Originally Posted by

**moo** hello,

remember the definition (or property) of the continuity :

F is continuous $\displaystyle \leftrightarrow \forall \delta>0, \exists \epsilon>0,~ \forall x,~ |x-c|<\epsilon \rightarrow |f(x)-f(c)|<\delta$

(i inverted delta and epsilon from the usual definition so that it wouldn't confuse with the epsilon you're using in the text)
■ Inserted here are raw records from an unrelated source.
Theorem mainTheorem3 (n lam1 lam2 s1 s2 : nat)
    (E1 E2 : {vspace 'rV['F_2]_n}) (v1 v2 : 'rV['F_2]_n)
    (f1 f2 : 'rV['F_2]_n -> 'F_2) :
  ~~ odd n ->
  \dim E1 = lam1 -> \dim E2 = lam2 ->
  (forall u, ~~ (inCoset v1 E1 u && inCoset v2 E2 u)) ->
  (2 ^ lam1 + 2 ^ lam2 < 2 ^ n)%N ->
  plateaued s1 (pullback lam1 v1 E1 f1) ->
  plateaued s2 (pullback lam2 v2 E2 f2) ->
  totally_disjoint_spectra v1 v2 E1 E2 f1 f2 ->
  ((exists f : 'rV['F_2]_n -> 'F_2, forall u, walsh f u = Wspec v1 v2 E1 E2 f1 f2 u)
   <-> (lam1 + s1 + 2 = n /\ lam2 + s2 = n)%N).
Proof.
move=> n_even <- <- disj _ plat1 plat2 tds.
apply: iff_trans (walsh_spectrumP _) _.
apply: iff_trans (pow2_combination_normP n (iwalsh_Wspec f1 f2 disj) tds
  (Xsum_plateaued plat1) (Xsum_plateaued plat2) (Xsum_neq0 _ _ _) (Xsum_neq0 _ _ _)) _.
have := even_halfK n_even; have := even_halfK plat1.1; have := even_halfK plat2.1.
rewrite -!muln2; lia.
Qed.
this means that the set : $\displaystyle \{\omega ~:~ |x_n(\omega)-a|< \epsilon \} \subseteq \{\omega ~:~ |g(x_n(\omega))-g(a)|< \delta \}$

one of the consequences of the kolmogorov axiomatic is that if $\displaystyle a \subseteq b$, then $\displaystyle \mathbb{p}(a) \leqslant \mathbb{p}(b)$

then use the second axiom of kolmogorov ($\displaystyle \mathbb{p}(a)\leqslant 1$) to prove that $\displaystyle \lim_{n \infty} \mathbb{p}(|g(x_n)-g(a)|<\delta)=1$

it should be easy from here (rofl)

yes.

I haven't been thinking very long on it, but my first idea would be, as above, to use the epsilon definition of $\displaystyle a_n \to a$ (nod)